In late March, Meta announced it would stop supporting updates for Horizon Worlds. Outsiders are saying that Zuckerberg's 'metaverse dream,' which cost $83.5 billion, may be waking up.

On April 1st, OpenAI completed a new round of funding, reaching a valuation of $852 billion, but its star video generation project, Sora, was shut down. The raised funds are primarily for AGI infrastructure.

During CES 2026, Huang Renxun predicted that the next wave of artificial intelligence would be physical AI, where AI would move from the virtual world into the physical world, autonomously completing complex tasks.
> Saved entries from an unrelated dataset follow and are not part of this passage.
(* Suppose $\psi\in\mathcal{B}$ is pseudoconcave on a neighbourhood of $+\infty$. Then there exists a concave function $\psi_{0}:(0,\infty)\to(0,\infty)$ such that $\psi/\psi_{0}$ and $\psi_{0}/\psi$ are bounded on $(\varepsilon,\infty)$ for every $\varepsilon>0$.
   Context: $\mathcal{B}$ is the set of Borel measurable $\psi:(0,\infty)\to(0,\infty)$ bounded on each compact $[a,b]\subset(0,\infty)$ and such that $1/\psi$ is bounded on each $[r,\infty)$, $r>0$. A function $\psi:(0,\infty)\to(0,\infty)$ is pseudoconcave on $(r,\infty)$ ($r\geq0$) if there is a concave $\psi_{1}:(r,\infty)\to(0,\infty)$ with $\psi/\psi_{1}$ and $\psi_{1}/\psi$ bounded on $(r,\infty)$; it is pseudoconcave on a neighbourhood of $+\infty$ if it is pseudoconcave on $(r,\infty)$ for some sufficiently large $r$. *)

From HB Require Import structures.
From mathcomp Require Import all_boot all_order all_algebra.
From mathcomp Require Import all_classical all_reals all_analysis.
Set Implicit Arguments. Unset Strict Implicit. Unset Printing Implicit Defensive.
Import Order.TTheory GRing.Theory Num.Theory.
Local Open Scope classical_set_scope.
Local Open Scope ring_scope.

(* Functions (0,oo) -> (0,oo) are represented as total functions R -> R;
   only their values on (0,oo) matter. *)

Definition concave_on_from {R : realType} (r : R) (f : R -> R) : Prop :=
  forall x y t : R, r < x -> r < y -> 0 <= t -> t <= 1 ->
    t * f x + (1 - t) * f y <= f (t * x + (1 - t) * y).

Definition bounded_on {R : realType} (A : set R) (f : R -> R) : Prop :=
  exists M : R, forall x, A x -> `|f x| <= M.

Definition in_B {R : realType} (psi : R -> R) : Prop :=
  measurable_fun (`]0, +oo[ : set R) psi /\
  (forall x : R, 0 < x -> 0 < psi x) /\
  (forall a b : R, 0 < a -> bounded_on `[a, b] psi) /\
  (forall r : R, 0 < r -> bounded_on `[r, +oo[ (fun x => (psi x)^-1)).

Definition pseudoconcave_on {R : realType} (r : R) (psi : R -> R) : Prop :=
  exists psi1 : R -> R,
    (forall x, r < x -> 0 < psi1 x) /\
    concave_on_from r psi1 /\
    bounded_on `]r, +oo[ (fun x => psi x / psi1 x) /\
    bounded_on `]r, +oo[ (fun x => psi1 x / psi x).

Definition pseudoconcave_near_pinfty {R : realType} (psi : R -> R) : Prop :=
  exists r : R, 0 <= r /\ pseudoconcave_on r psi.

(** Take [psi0 x := f (x + s)], where [f] is the concave comparison function
    on [(r, +oo)] and [s > r]. A positive concave function on a half-line is
    nondecreasing and grows at most linearly, so [f (x + s)] lies between
    [f x] and [2 f x] for large [x]; hence [psi0] is comparable to [psi] near
    [+oo]. On a bounded part [(eps, c]], [psi0] is bounded above and below by
    positive constants, and so is [psi] by the conditions defining [B]. *)
From HB Require Import structures.
From mathcomp Require Import all_boot all_order all_algebra.
From mathcomp Require Import all_classical all_reals all_analysis.
From mathcomp Require Import ring lra.
Import Order.TTheory GRing.Theory Num.Theory.
Local Open Scope classical_set_scope.
Local Open Scope ring_scope.

Lemma concave_on_from_chord {R : realType} {r : R} {f : R -> R} {a y z : R} :
  concave_on_from r f -> r < a -> a <= y -> y <= z -> a < z ->
  (z - y) * f a + (y - a) * f z <= (z - a) * f y.
Proof.
move=> f_cvx ra ay yz az.
have za_gt0 : 0 < z - a by rewrite subr_gt0.
set t := (z - y) / (z - a).
have t_ge0 : 0 <= t by rewrite /t divr_ge0 //; lra.
have t_le1 : t <= 1 by rewrite /t ler_pdivrMr // mul1r; lra.
have := f_cvx a z t ra (lt_trans ra az) t_ge0 t_le1.
have -> : t * a + (1 - t) * z = y by rewrite /t; field; rewrite gt_eqF.
rewrite -(ler_pM2l za_gt0).
by congr (_ <= _); rewrite /t; field; rewrite gt_eqF.
Qed.

Lemma concave_on_from_shift {R : realType} {r : R} (r' s : R) {f : R -> R} :
  concave_on_from r f -> r <= r' + s ->
  concave_on_from r' (fun x => f (x + s)).
Proof.
move=> f_cvx rs x y t xr yr t0 t1.
have := f_cvx (x + s) (y + s) t ltac:(lra) ltac:(lra) t0 t1.
by have -> : t * (x + s) + (1 - t) * (y + s) = t * x + (1 - t) * y + s by ring.
Qed.

Section PositiveConcave.
Context {R : realType} {r : R} {f : R -> R}.
Hypothesis f_gt0 : forall x, r < x -> 0 < f x.
Hypothesis f_cvx : concave_on_from r f.

(* If [f x > f y] with [x < y], the chord through [x, y] vanishes at [y + d];
   concavity puts the positive value [f (y + d)] below it. *)
Lemma concave_pos_nondecreasing x y : r < x -> x <= y -> f x <= f y.
Proof.
move=> rx xy; rewrite leNgt; apply/negP => fyx.
have x_lt_y : x < y.
  by rewrite lt_neqAle xy andbT; apply/eqP => exy; move: fyx; rewrite exy ltxx.
have d_gt0 : 0 < f x - f y by rewrite subr_gt0.
pose d := f y * (y - x) / (f x - f y).
have dE : d * (f x - f y) = f y * (y - x) by rewrite /d; field; rewrite gt_eqF.
have d_ge0 : 0 <= d by rewrite /d divr_ge0 ?mulr_ge0 ?ltW ?f_gt0 //; lra.
have := concave_on_from_chord f_cvx rx xy (_ : y <= y + d) ltac:(lra).
have fz_gt0 : 0 < f (y + d) by apply: f_gt0; lra.
nra.
Qed.

Lemma concave_pos_growth {a y z} :
  r < a -> a <= y -> y <= z -> a < z -> (y - a) * f z <= (z - a) * f y.
Proof.
move=> ra ay yz az; have := concave_on_from_chord f_cvx ra ay yz az.
have : 0 <= (z - y) * f a by rewrite mulr_ge0 ?subr_ge0 // ltW ?f_gt0.
lra.
Qed.

Lemma concave_pos_shift_le_double {s x} :
  r < s -> 0 < s -> 2 * s <= x -> f (x + s) <= 2 * f x.
Proof.
move=> rs s_gt0 sx; have := concave_pos_growth rs (_ : s <= x) (_ : x <= x + s) ltac:(lra).
have : 0 < f (x + s) by apply: f_gt0; lra.
nra.
Qed.

End PositiveConcave.

Lemma bounded_on_le {R : realType} {A : set R} {g : R -> R} :
  bounded_on A g -> exists M, forall x, A x -> g x <= M.
Proof. by case=> M gM; exists M => x Ax; exact: le_trans (ler_norm _) (gM x Ax). Qed.

Lemma bounded_on_itv_split {R : realType} {eps c M N : R} {g : R -> R} :
  (forall x, eps < x -> 0 <= g x) ->
  (forall x, eps < x -> x <= c -> g x <= M) ->
  (forall x, c < x -> g x <= N) ->
  bounded_on `]eps, +oo[ g.
Proof.
move=> g_ge0 gM gN; exists (Num.max M N) => x.
rewrite /= in_itv /= andbT => epsx; rewrite ger0_norm ?g_ge0 // le_max.
by case: (leP x c) => xc; [rewrite gM | rewrite gN ?orbT].
Qed.

Lemma ler_pdiv {R : numFieldType} {p P q Q : R} :
  0 <= p -> p <= P -> 0 < Q -> Q <= q -> p / q <= P / Q.
Proof.
move=> p0 pP Q0 Qq; apply: ler_pM => //; first by rewrite invr_ge0 ltW ?(lt_le_trans Q0).
by rewrite lef_pV2 // posrE (lt_le_trans Q0).
Qed.

Theorem proposition4 (R : realType) (psi : R -> R) :
  in_B psi -> pseudoconcave_near_pinfty psi ->
  exists psi0 : R -> R,
    (forall x : R, 0 < x -> 0 < psi0 x) /\
    concave_on_from 0 psi0 /\
    (forall eps : R, 0 < eps ->
       bounded_on `]eps, +oo[ (fun x => psi x / psi0 x) /\
       bounded_on `]eps, +oo[ (fun x => psi0 x / psi x)).
Proof.
move=> [_ [psi_gt0 [psi_bd psiV_bd]]] [r [r_ge0 [f [f_gt0 [f_cvx [psif_bd fpsi_bd]]]]]].
have [s s_gt_r s_gt0] : exists2 s, r < s & 0 < s by exists (r + 1); lra.
have f_mono := concave_pos_nondecreasing f_gt0 f_cvx.
have fxs_gt0 x : 0 <= x -> 0 < f (x + s) by move=> x0; apply: f_gt0; lra.
have psi_ge0 x : 0 < x -> 0 <= psi x by move/psi_gt0/ltW.
exists (fun x => f (x + s)); split; first by move=> x /ltW; exact: fxs_gt0.
split; first by apply: concave_on_from_shift f_cvx _; lra.
move=> eps eps_gt0; have [M1 psifM] := bounded_on_le psif_bd.
have [M2 fpsiM] := bounded_on_le fpsi_bd.
split.
- have [B psiB] := bounded_on_le (psi_bd eps r eps_gt0).
  apply: (bounded_on_itv_split (c := r) (M := B / f s) (N := M1)).
  + by move=> x ex; rewrite divr_ge0 ?psi_ge0 ?ltW ?fxs_gt0 //; lra.
  + move=> x ex xr; apply: ler_pdiv.
    * by apply: psi_ge0; lra.
    * by apply: psiB; rewrite /= in_itv /= xr ltW.
    * exact: f_gt0.
    * by apply: f_mono; lra.
  + move=> x rx; apply: le_trans (psifM x _); last by rewrite /= in_itv /= rx.
    by apply: ler_pdiv; [apply: psi_ge0 | | apply: f_gt0 | apply: f_mono]; lra.
- have [B psiVB] := bounded_on_le (psiV_bd eps eps_gt0).
  apply: (bounded_on_itv_split (c := 2 * s) (M := f (2 * s + s) * B) (N := 2 * M2)).
  + by move=> x ex; rewrite divr_ge0 ?psi_ge0 ?ltW ?fxs_gt0 //; lra.
  + move=> x ex xs; apply: ler_pM.
    * by rewrite ltW // fxs_gt0 //; lra.
    * by rewrite invr_ge0 psi_ge0 //; lra.
    * by apply: f_mono; lra.
    * by apply: psiVB; rewrite /= in_itv /= andbT ltW.
  + move=> x sx; have psix_gt0 : 0 < psi x by apply: psi_gt0; lra.
    apply: (@le_trans _ _ (2 * f x / psi x)).
      rewrite ler_pM2r ?invr_gt0 //.
      exact: (concave_pos_shift_le_double f_gt0 f_cvx s_gt_r s_gt0 (ltW sx)).
    rewrite -mulrA ler_pM2l //; apply: fpsiM.
    by rewrite /= in_itv /= andbT; lra.
Qed.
However, in his two-hour speech, he repeatedly mentioned the diversity, complexity, unpredictability, and edge cases of the real world, stating, 'Without real-world data, embodied intelligence can only be an illusion.'

Scarce scenario data has become a bottleneck problem.

At the same time, we also found that behind OpenAI's financing stand major companies like Amazon and Microsoft, with both sides binding in advance in terms of technology and application scenarios.
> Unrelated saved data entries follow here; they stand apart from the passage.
(* Let $K=\mathbb C$, $m=n=2$ (hence $p=2$), let $c\ge1$ and $d\ge 2$ be integers, and let $B=\begin{pmatrix}0&-c\\ d&0\end{pmatrix}$. Then for any pair $\mathbf x=(x_1,x_2)$ of algebraically independent elements of $\mathbb C(X_1,X_2)$, the cluster algebra $\mathcal A(\mathbf x,B)$ is not factorial.
   Context: Let $\mathcal F=\mathbb C(X_1,X_2)$. For $B\in M_{2,2}(\mathbb Z)$ as given and $\mathbf x=(x_1,x_2)$ algebraically independent over $\mathbb C$, $(\mathbf x,B)$ is a seed. For $k\in\{1,2\}$ the mutation $\mu_k(\mathbf x,B)=(\mathbf x',B')$ is given by $b'_{ij}=-b_{ij}$ if $i=k$ or $j=k$, and $b'_{ij}=b_{ij}+\frac{|b_{ik}|b_{kj}+b_{ik}|b_{kj}|}{2}$ otherwise; $x'_s=x_s$ for $s\neq k$ and $x'_k=x_k^{-1}\big(\prod_{b_{ik}>0}x_i^{b_{ik}}+\prod_{b_{ik}<0}x_i^{-b_{ik}}\big)$. The cluster algebra $\mathcal A(\mathbf x,B)$ is the $\mathbb C$-subalgebra of $\mathcal F$ generated by all entries $y_1,y_2$ of all seeds $(\mathbf y,C)$ obtained from $(\mathbf x,B)$ by finite sequences of mutations. *)

From HB Require Import structures.
From mathcomp Require Import all_boot all_order all_algebra.
From mathcomp Require Import complex fraction intdiv.
From mathcomp Require Import Rstruct.
From Stdlib Require Import Rdefinitions.

Set Implicit Arguments.
Unset Strict Implicit.
Unset Printing Implicit Defensive.

Import Order.TTheory GRing.Theory Num.Theory.
Local Open Scope ring_scope.

Definition CC : Type := (Rdefinitions.R)[i].

Definition FF : Type := {fraction {poly {poly CC}}}.

Definition cst (c : CC) : FF := @FracField.tofrac {poly {poly CC}} (c%:P%:P).

Definition eval2 (P : {poly {poly CC}}) (a b : FF) : FF :=
  (map_poly (fun q : {poly CC} => (map_poly cst q).[a]) P).[b].

Definition alg_indep (x : 'I_2 -> FF) : Prop :=
  forall P : {poly {poly CC}}, P != 0 -> eval2 P (x ord0) (x ord_max) != 0.

Definition seed : Type := ('I_2 -> FF) * 'M[int]_2.

Definition mut_mx (k : 'I_2) (B : 'M[int]_2) : 'M[int]_2 :=
  \matrix_(i < 2, j < 2)
    if (i == k) || (j == k) then - B i j
    else B i j + divz ((absz (B i k))%:Z * B k j + B i k * (absz (B k j))%:Z) 2.

Definition mut_cl (k : 'I_2) (x : 'I_2 -> FF) (B : 'M[int]_2) : 'I_2 -> FF :=
  fun s => if s == k then
    (x k)^-1 * (\prod_(i < 2 | 0 < B i k) x i ^+ absz (B i k)
                + \prod_(i < 2 | B i k < 0) x i ^+ absz (B i k))
  else x s.

Definition mutate (k : 'I_2) (S : seed) : seed :=
  (mut_cl k S.1 S.2, mut_mx k S.2).

Definition mutseq (ks : seq 'I_2) (S : seed) : seed :=
  foldl (fun S k => mutate k S) S ks.

Definition cluster_var (x : 'I_2 -> FF) (B : 'M[int]_2) (y : FF) : Prop :=
  exists (ks : seq 'I_2) (i : 'I_2), y = (mutseq ks (x, B)).1 i.

Inductive gen_alg (G : FF -> Prop) : FF -> Prop :=
  | ga_cst c : gen_alg G (cst c)
  | ga_gen y : G y -> gen_alg G y
  | ga_add y z : gen_alg G y -> gen_alg G z -> gen_alg G (y + z)
  | ga_mul y z : gen_alg G y -> gen_alg G z -> gen_alg G (y * z).

Definition cluster_alg (x : 'I_2 -> FF) (B : 'M[int]_2) : FF -> Prop :=
  gen_alg (cluster_var x B).

Definition unitA (A : FF -> Prop) (a : FF) : Prop :=
  A a /\ exists b, A b /\ a * b = 1.

Definition irredA (A : FF -> Prop) (a : FF) : Prop :=
  [/\ A a, a != 0, ~ unitA A a &
      forall b c, A b -> A c -> a = b * c -> unitA A b \/ unitA A c].

Definition assocA (A : FF -> Prop) (a b : FF) : Prop :=
  exists u, unitA A u /\ a = u * b.

Definition factorial_ring (A : FF -> Prop) : Prop :=
  (forall a, A a -> a != 0 -> ~ unitA A a ->
     exists s : seq FF, (forall y, y \in s -> irredA A y) /\ a = \prod_(y <- s) y)
  /\
  (forall s t : seq FF,
     (forall y, y \in s -> irredA A y) -> (forall y, y \in t -> irredA A y) ->
     \prod_(y <- s) y = \prod_(y <- t) y ->
     exists t' : seq FF, [/\ perm_eq t t', size s = size t' &
        forall i : nat, leq i.+1 (size s) -> assocA A (nth 0 s i) (nth 0 t' i)]).

Definition Bcd (c d : nat) : 'M[int]_2 :=
  \matrix_(i < 2, j < 2)
    if (i == ord0) && (j == ord_max) then - (c%:Z)
    else if (i == ord_max) && (j == ord0) then d%:Z else 0.

(* Every cluster variable is a term of the exchange sequence
   u(n-1) u(n+1) = u(n)^e(n) + 1, with e alternating between d and c, through
   x1, x2, read in both directions.  Call specialization a partial ring morphism
   of C(X1, X2) into a field that inverts the elements of nonzero value.  The
   exchange relations, together with a Laurent-type identity for the case where a
   term takes the value 0, show that a specialization defined at x1, x2, x1', x2'
   is defined on the whole cluster algebra A.
   Now x1 x1' = x2^d + 1 = (x2 - z0) q(x2) where z0 is a simple root of X^d + 1.
   If A were factorial, an irreducible factor k of the nonunit x1 would be prime,
   hence divide x2 - z0 or q(x2).  Specializing at the points of the torus shows
   that k has neither zeros nor poles there, so k is a Laurent monomial
   l x1^I x2^J.  Specializing along the curve x1 = x2^d + 1, on which x1' = 1, at a
   point where x1 = 0, and along x2 = x1^c + 1, on which x2' = 1, at a point where
   x2 = 0, forces I = J = 0.  So k is a nonzero constant, hence a unit. *)

From HB Require Import structures.
From mathcomp Require Import all_boot all_order all_algebra.
From mathcomp Require Import complex fraction intdiv.
From mathcomp Require Import Rstruct.
From mathcomp Require Import ring.
From Stdlib Require Classical_Prop.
This investment logic is also reflected domestically. Not long ago, a financial influencer revealed that Meituan had early on invested in over 40 hard technology-related companies, including well-known players and 'hidden champions' in the industry such as Galaxy General, Zhipu AI, X Variable, Tashi, Moore Threads, and Axera Intelligence.

Image Source: Zhuo Ge's Investment Research Notes

Considering the shifts among overseas giants, these domestic unicorns aligning early with local life service giants may not just be about money.

A 99% Physical Data Gap Hinders AI 'Implementation'

Currently, 'scenario hunger' is accelerating.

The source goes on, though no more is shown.